[Start of Attachment]

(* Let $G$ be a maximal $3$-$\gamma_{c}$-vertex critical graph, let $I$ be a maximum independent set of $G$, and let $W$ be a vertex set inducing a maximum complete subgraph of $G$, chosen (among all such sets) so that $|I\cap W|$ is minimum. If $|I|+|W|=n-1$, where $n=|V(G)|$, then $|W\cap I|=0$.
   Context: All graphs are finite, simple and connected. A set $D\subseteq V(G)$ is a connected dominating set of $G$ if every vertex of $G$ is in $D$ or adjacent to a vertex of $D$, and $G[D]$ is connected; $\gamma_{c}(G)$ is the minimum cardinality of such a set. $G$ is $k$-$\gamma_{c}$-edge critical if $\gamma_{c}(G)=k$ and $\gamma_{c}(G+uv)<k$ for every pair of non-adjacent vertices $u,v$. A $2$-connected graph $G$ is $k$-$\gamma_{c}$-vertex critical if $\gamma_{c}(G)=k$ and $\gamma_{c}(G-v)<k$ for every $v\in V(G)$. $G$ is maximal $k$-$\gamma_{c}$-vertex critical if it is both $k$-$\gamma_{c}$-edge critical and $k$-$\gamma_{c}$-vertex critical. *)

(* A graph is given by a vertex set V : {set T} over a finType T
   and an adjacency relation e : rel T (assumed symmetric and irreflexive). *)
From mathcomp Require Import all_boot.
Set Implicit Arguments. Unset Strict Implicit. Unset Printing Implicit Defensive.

[End of Attachment]

Instructions to follow:
Every entry should be given again exactly as written.

Exercise output:
(* Let $G$ be a maximal $3$-$\gamma_{c}$-vertex critical graph, let $I$ be a maximum independent set of $G$, and let $W$ be a vertex set inducing a maximum complete subgraph of $G$, chosen (among all such sets) so that $|I\cap W|$ is minimum. If $|I|+|W|=n-1$, where $n=|V(G)|$, then $|W\cap I|=0$.
   Context: All graphs are finite, simple and connected. A set $D\subseteq V(G)$ is a connected dominating set of $G$ if every vertex of $G$ is in $D$ or adjacent to a vertex of $D$, and $G[D]$ is connected; $\gamma_{c}(G)$ is the minimum cardinality of such a set. $G$ is $k$-$\gamma_{c}$-edge critical if $\gamma_{c}(G)=k$ and $\gamma_{c}(G+uv)<k$ for every pair of non-adjacent vertices $u,v$. A $2$-connected graph $G$ is $k$-$\gamma_{c}$-vertex critical if $\gamma_{c}(G)=k$ and $\gamma_{c}(G-v)<k$ for every $v\in V(G)$. $G$ is maximal $k$-$\gamma_{c}$-vertex critical if it is both $k$-$\gamma_{c}$-edge critical and $k$-$\gamma_{c}$-vertex critical. *)

(* A graph is given by a vertex set V : {set T} over a finType T
   and an adjacency relation e : rel T (assumed symmetric and irreflexive). *)
From mathcomp Require Import all_boot.
Set Implicit Arguments. Unset Strict Implicit. Unset Printing Implicit Defensive.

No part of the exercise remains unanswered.